Loss through death affects each of us differently. How one feels depends on the nature and circumstances of the loss, one’s beliefs and religion, age, relationships and one’s own physical and mental health. A sudden or violent death, death of a child or loss of a long-time spouse are always more difficult to accept. If the relationship with the departed person was difficult, the grief is more complicated and may take more time to work through.

Stages of grief

5 stages of the grieving process has been described. The stages do not necessarily come in order, nor are all the stages experienced by every person. One may return or go through one or the other stage several times before acceptance of the loss.Grief is a process and not just a state. During the process of grieving and bereavement a person may experience many emotions during the course of bereavement- helplessness, anger, sadness, denial, despair and yearning are common.
Denial
The first stage is the stage of denial ('It's not true’; ‘There must be some mistake.’) This is a normal defence mechanism which helps to cushion the immediate shock.
Anger
Once the reality sinks in, the pain is often redirected and expressed as anger. ‘Why me?’; ‘Its not fair’; ‘How can this happen to me’; are the common reactions in this phase. Anger may be directed towards objects, strangers, the doctors or family members, God; or even towards the deceased person- ‘How could you leave me alone?’
Bargaining
A promise of good behaviour or an attempt to strike a bargain (‘I will always listen to you’, ‘I will never worry you again,)’ is often the reaction at this stage.
Depression
Sadness and regret are mingled and one may often say ‘There is no point in life; - I may as well die too’.
Acceptance
At this stage emotions are stable and calm.

Strategies for dealing with grief 

Though each one copes differently, the following strategies may help you cope with your feelings and come to terms with your loss.
  1. Talking about your loss: It may be difficult for you initially- but in time it helps to talk about your loss and your feelings with a trusted family member or friend or a counsellor.
  2. Accepting your feelings : The anger, guilt, helplessness you may feel are normal and part of the grieving process. There is no guilt or shame in accepting them; and it paves the way for healing.
  3. Taking care of yourself : Establishing a routine with regular meals, exercise and adequate rest is important for your physical and mental health.
  4. Reaching out to others: Working with people less fortunate, or carrying on the legacy of the deceased (teaching, helping in the community) helps to give meaning to life.

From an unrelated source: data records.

(* The derivative of the tilted mean is the tilted variance, at most 1/4. *)
Lemma bernoulli_tilted_mean_le s :
  0 <= s -> p * expR s / (1 - p + p * expR s) <= p + s / 4.
Proof.
move=> s_ge0.
pose F y := y / 4 + p - p * expR y / (1 - p + p * expR y).
pose dF y := 4^-1 - p * expR y * (1 - p) / (1 - p + p * expR y) ^+ 2.
have F_dF x : is_derive x (1:R) F (dF x).
  have W_neq0 := lt0r_neq0 (bernoulli_mgf_gt0 x).
  by rewrite /F; apply: is_derive_eq; rewrite /GRing.scale /dF /=; field.
have dF_ge0 x : 0 <= x -> 0 <= dF x.
  move=> _; have W_gt0 := bernoulli_mgf_gt0 x; have := expR_gt0 x.
  (* AM-GM: 4 (1 - p) p e^x <= (1 - p + p e^x)^2 *)
  rewrite subr_ge0 ler_pdivrMr ?exprn_gt0 //.
  have := sqr_ge0 (1 - p - p * expR x); nra.
have := is_derive_ger0_ndecr F_dF dF_ge0 s_ge0.
rewrite /F mul0r add0r expR0 mulr1 subrK divr1 subrr; lra.
Qed.

Lemma bernoulli_mgf_le s :
  0 <= s -> (1 - p + p * expR s) * expR (- (s * p)) <= expR (s ^+ 2 / 8).
Proof.
move=> s_ge0.
pose F y := - ((1 - p + p * expR y) * expR (- (y * p + y ^+ 2 / 8))).
pose dF y := expR (- (y * p + y ^+ 2 / 8)) *
             ((1 - p + p * expR y) * (p + y / 4) - p * expR y).
have F_dF x : is_derive x (1:R) F (dF x).
  by rewrite /F; apply: is_derive_eq; rewrite /GRing.scale /dF /=; field.
have dF_ge0 x : 0 <= x -> 0 <= dF x.
  move=> x_ge0; apply: mulr_ge0; first exact: expR_ge0.
  have W_gt0 := bernoulli_mgf_gt0 x.
  by rewrite subr_ge0 -ler_pdivrMl // mulrC bernoulli_tilted_mean_le.
have := is_derive_ger0_ndecr F_dF dF_ge0 s_ge0.
rewrite /F /= expR0 !mul0r expr0n mul0r addr0 oppr0 expR0 mulr1 subrK lerN2.
rewrite opprD expRD mulrA -ler_pdivlMr ?expR_gt0 // -expRN opprK; lra.
Qed.

End HoeffdingLemma.

Section EmpiricalFrequency.
Context {R : realType} {X : finType}.
Implicit Types (A : {set X}) (Q : X -> R).

Lemma mu_test_sum n (x : {ffun 'I_n -> X}) A :
  mu_test R x A = (\sum_(m < n) (x m \in A)%:R) / n%:R.
Proof.
rewrite /mu_test -sum1dep_card natr_sum big_mkcond /=.
by congr (_ / _); apply: eq_bigr => m _; case: (x m \in A).
Qed.

Lemma mu_testC n (x : {ffun 'I_n -> X}) A :
  (0 < n)%N -> mu_test R x (~: A) = 1 - mu_test R x A.
Proof.
move=> n_gt0; have n_neq0 : n%:R != 0 :> R by rewrite pnatr_eq0 -lt0n.
rewrite !mu_test_sum -[X in _ = X - _](divff n_neq0) -mulrBl; congr (_ / _).
rewrite -[X in X%:R - _]card_ord -sumr_const -sumrB; apply: eq_bigr => m _.
by rewrite inE; case: (x m \in A); rewrite ?subrr ?subr0.
Qed.

Lemma empirical_mu_test N (y : {ffun 'I_N -> X}) a :
  empirical R y a = mu_test R y [set a].
Proof.
by rewrite /empirical /mu_test; congr (_%:R / _); apply: eq_card => k; rewrite !inE.
Qed.

Lemma empirical_distr N (y : {ffun 'I_N -> X}) : (0 < N)%N -> is_distr (empirical R y).
Proof.
move=> N_gt0; split=> [a|]; first by rewrite divr_ge0.
rewrite /empirical -mulr_suml.
under eq_bigr => a _ do rewrite -sum1dep_card natr_sum big_mkcond /=.
rewrite exchange_big /= (eq_bigr (fun=> 1)) => [|k _]; last first.
  by rewrite (bigD1 (y k)) //= eqxx big1 ?addr0 // => a /negbTE; rewrite eq_sym => ->.
by rewrite sumr_const card_ord divff // pnatr_eq0 -lt0n.
Qed.

Lemma distr_card_gt0 Q : is_distr Q -> (0 < #|X|)%N.
Proof.
case=> _ Q_sum1; rewrite lt0n; apply/negP => /eqP/card0_eq X_empty.
by move: Q_sum1; rewrite big_pred0 // => /esym/eqP; rewrite oner_eq0.
Qed.

Lemma sum_set_indicator Q A : \sum_(a in A) Q a = \sum_a Q a * (a \in A)%:R.
Proof. by rewrite big_mkcond; apply: eq_bigr => a _; case: (a \in A); rewrite ?mulr1 ?mulr0. Qed.

Variable Q : X -> R.
Hypothesis Q_distr : is_distr Q.

Lemma Ptest_ge0 n (x : {ffun 'I_n -> X}) : 0 <= Ptest Q x.
Proof. by apply: prodr_ge0 => m _; apply: Q_distr.1. Qed.

Lemma Ptest_sum1 n : \sum_(x : {ffun 'I_n -> X}) Ptest Q x = 1.
Proof.
rewrite /Ptest -(bigA_distr_bigA (fun (m : 'I_n) a => Q a)) /=.
by rewrite Q_distr.2 prodr_const expr1n.
Qed.

Lemma Ptest_expR_sum n (h : X -> R) :
  \sum_(x : {ffun 'I_n -> X}) Ptest Q x * expR (\sum_(m < n) h (x m)) =
  (\sum_a Q a * expR (h a)) ^+ n.
Proof.
under eq_bigr => x _ do rewrite expR_sum /Ptest -big_split /=.
by rewrite -(bigA_distr_bigA (fun (m : 'I_n) a => Q a * expR (h a))) prodr_const card_ord.
Qed.

Lemma mgf_set_indicator A s (q := \sum_(a in A) Q a) :
  \sum_a Q a * expR (s * ((a \in A)%:R - q)) =
  (1 - q + q * expR s) * expR (- (s * q)).
Proof.
transitivity (\sum_a expR (- (s * q)) * (Q a + Q a * (a \in A)%:R * (expR s - 1))).
  apply: eq_bigr => a _; case: (a \in A) => /=.
    by rewrite mulrBr mulr1 expRD; ring.
  by rewrite sub0r mulrN mulr0 mul0r addr0 mulrC.
by rewrite -mulr_sumr big_split /= Q_distr.2 -mulr_suml -sum_set_indicator mulrC -/q; ring.
Qed.

Lemma hoeffding_upper n A e : (0 < n)%N -> 0 <= e ->
  \sum_(x : {ffun 'I_n -> X}) Ptest Q x * ((e <= mu_test R x A - \sum_(a in A) Q a)%R)%:R
  <= expR (- (2 * n%:R * e ^+ 2)).
Proof.
move=> n_gt0 e_ge0; set q := \sum_(a in A) Q a.
have n_gt0R : 0 < n%:R :> R by rewrite ltr0n.
have q_ge0 : 0 <= q by apply: sumr_ge0 => a _; apply: Q_distr.1.
have q_le1 : q <= 1.
  rewrite -Q_distr.2 [leRHS](bigID (mem A)) /= lerDl.
  by apply: sumr_ge0 => a _; apply: Q_distr.1.
(* Chernoff bound with the optimal parameter s = 4 e *)
set s := 4 * e; have s_ge0 : 0 <= s by rewrite mulr_ge0.
apply: (@le_trans _ _ (\sum_(x : {ffun 'I_n -> X})
   Ptest Q x * expR (\sum_(m < n) s * ((x m \in A)%:R - q)) * expR (- (s * (n%:R * e))))).
  apply: ler_sum => x _; rewrite -mulrA -expRD ler_wpM2l ?Ptest_ge0 //.
  case: (lerP e (mu_test R x A - q)) => [dev_ge|_]; last exact: expR_ge0.
  apply: le_trans (expR_ge1Dx _); rewrite lerDl -mulr_sumr sumrB sumr_const card_ord.
  rewrite -mulrN -mulrDr mulr_ge0 // -mulr_natl.
  move: dev_ge; rewrite mu_test_sum -(ler_pM2r n_gt0R) mulrBl divfK ?gt_eqF //.
  rewrite -mulr_natr mulr1; lra.
rewrite -mulr_suml (Ptest_expR_sum n (fun a => s * ((a \in A)%:R - q))) mgf_set_indicator -/q.
apply: le_trans (_ : expR (s ^+ 2 / 8) ^+ n * expR (- (s * (n%:R * e))) <= _).
  rewrite ler_wpM2r ?expR_ge0 // lerXn2r ?nnegrE ?expR_ge0 ?bernoulli_mgf_le //.
  by apply: mulr_ge0; [have := expR_ge0 s; nra | exact: expR_ge0].
by rewrite -expRM_natl -expRD ler_expR /s; nra.
Qed.

Lemma hoeffding n A e : (0 < n)%N -> 0 <= e ->
  \sum_(x : {ffun 'I_n -> X}) Ptest Q x * ((e <= `|mu_test R x A - \sum_(a in A) Q a|)%R)%:R
  <= 2 * expR (- (2 * n%:R * e ^+ 2)).
Proof.
move=> n_gt0 e_ge0.
have devC (x : {ffun 'I_n -> X}) : mu_test R x (~: A) - \sum_(a in ~: A) Q a =
              - (mu_test R x A - \sum_(a in A) Q a).
  have : \sum_(a in A) Q a + \sum_(a in ~: A) Q a = 1.
    rewrite -Q_distr.2 [RHS](bigID (mem A)) /=.
    by congr (_ + _); apply: eq_bigl => a; rewrite inE.
  by rewrite mu_testC //; lra.
rewrite mulr2n mulrDl mul1r; apply: le_trans (lerD (hoeffding_upper A n_gt0 e_ge0)
                                          (hoeffding_upper (~: A) n_gt0 e_ge0)).
rewrite -big_split /=; apply: ler_sum => x _; rewrite -mulrDr ler_wpM2l ?Ptest_ge0 // devC.
set z := mu_test R x A - _.
by case: (lerP 0 z) => [/ger0_norm|/ltr0_norm] ->; rewrite ?lerDl ?lerDr ler0n.
Qed.

Lemma hoeffding_empirical n a e : (0 < n)%N -> 0 <= e ->
  \sum_(y : {ffun 'I_n -> X}) Ptest Q y * ((e < `|empirical R y a - Q a|)%R)%:R
  <= 2 * expR (- (2 * n%:R * e ^+ 2)).
Proof.
move=> n_gt0 e_ge0; apply: le_trans (hoeffding [set a] n_gt0 e_ge0).
apply: ler_sum => y _; rewrite ler_wpM2l ?Ptest_ge0 // empirical_mu_test big_set1.
by case: ltrP => //= /ltW ->.
Qed.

When to seek professional help

  • Though different people take different times, intense and persistent grief continuing over a period of six months may require professional help.
  • Loss due to suicide is among the most difficult to bear. In such cases, counselling during the first weeks is both advisable and beneficial.
  • Inability to cope with or resume daily life or work activities, intense sorrow or pain which does not subside with time, inability to maintain or build relationships are indications to consult a mental health specialist.
Recovery from grief is a highly individual process. Each individual works through grief on their own with time, using their own personal ways of coping. Acceptance, rationalisation, humour, distraction, prayer, avoidance of reminders are some of the many ways in which people cope. Social support and healthy habits contribute to recovery which may take a few months or even a year.